====== Data to use ======

Lemma total_corr_le_cost :
  total_corr mu <= 2 * fano_bound (ln N) (\sum_z hamming_n R z.1 z.2 * lam z) * n%:R.
Proof.
rewrite sum_hamming_nE mulrAC -mulrA; apply: le_trans total_corr_le_mismatch _.
by rewrite ler_wpM2l // sum_fano_bound_le // => i; rewrite prob_ge0 ?prob_le1.
Qed.

End CouplingWithProduct.

End Entropy.

Theorem lemma4p4 (R : realType) (A : finType) (n : nat)
  (nu : {ffun A -> R}) (mu : {ffun {ffun 'I_n -> A} -> R}) :
  is_dist nu -> is_dist mu ->
  let delta := dbar_n mu (prod_dist n nu) in
  total_corr mu <= 2 * (bin_entropy delta + delta * ln (#|A|%:R)) * n%:R.
Proof.
move=> nu_dist mu_dist; rewrite /dbar_n /=.
set S := (X in inf X); set L := ln _.
have L_ge0 : 0 <= L by rewrite ln_ge0 // ler1n (dist_card_gt0 nu_dist).
have S_cost c : S c -> total_corr mu <= 2 * fano_bound L c * n%:R /\ 0 <= c <= 1.
  move=> [lam [lam_coupling ->]]; have [lam_dist _] := lam_coupling.
  by rewrite (total_corr_le_cost nu_dist) // sum_hamming_n_ge0 // sum_hamming_n_le1.
have S_inf : has_inf S.
  split; last by exists 0 => c /S_cost[_ /andP[]].
  by eexists; exists [ffun z => mu z.1 * prod_dist n nu z.2]; split;
    [exact: is_coupling_prod (is_dist_prod_dist n nu_dist) | reflexivity].
have inf_ge0 : 0 <= inf S by apply: lb_le_inf S_inf.1 _ => c /S_cost[_ /andP[]].
apply: (@le_inf_sqrt_modulus _ S (fun c => 2 * fano_bound L c * n%:R) _ (2 * n%:R * (3 + L))).
- exact: S_inf.
- by rewrite !mulr_ge0 // addr_ge0.
- by move=> c /S_cost[].
move=> c /[dup] Sc /S_cost[_ /andP[_ c_le1]]; have n_ge0 : 0 <= n%:R :> R := ler0n _ n.
have := fano_bound_le_sqrt L_ge0 inf_ge0 (ge_inf S_inf.2 Sc) c_le1.
rewrite /fano_bound; nra.
Qed.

======

• Task description: Search the entries for "rewrite" and show every line that has it.

• Your response:
rewrite sum_hamming_nE mulrAC -mulrA; apply: le_trans total_corr_le_mismatch _.
by rewrite ler_wpM2l // sum_fano_bound_le // => i; rewrite prob_ge0 ?prob_le1.
move=> nu_dist mu_dist; rewrite /dbar_n /=.
have L_ge0 : 0 <= L by rewrite ln_ge0 // ler1n (dist_card_gt0 nu_dist).
  by rewrite (total_corr_le_cost nu_dist) // sum_hamming_n_ge0 // sum_hamming_n_le1.
- by rewrite !mulr_ge0 // addr_ge0.
rewrite /fano_bound; nra.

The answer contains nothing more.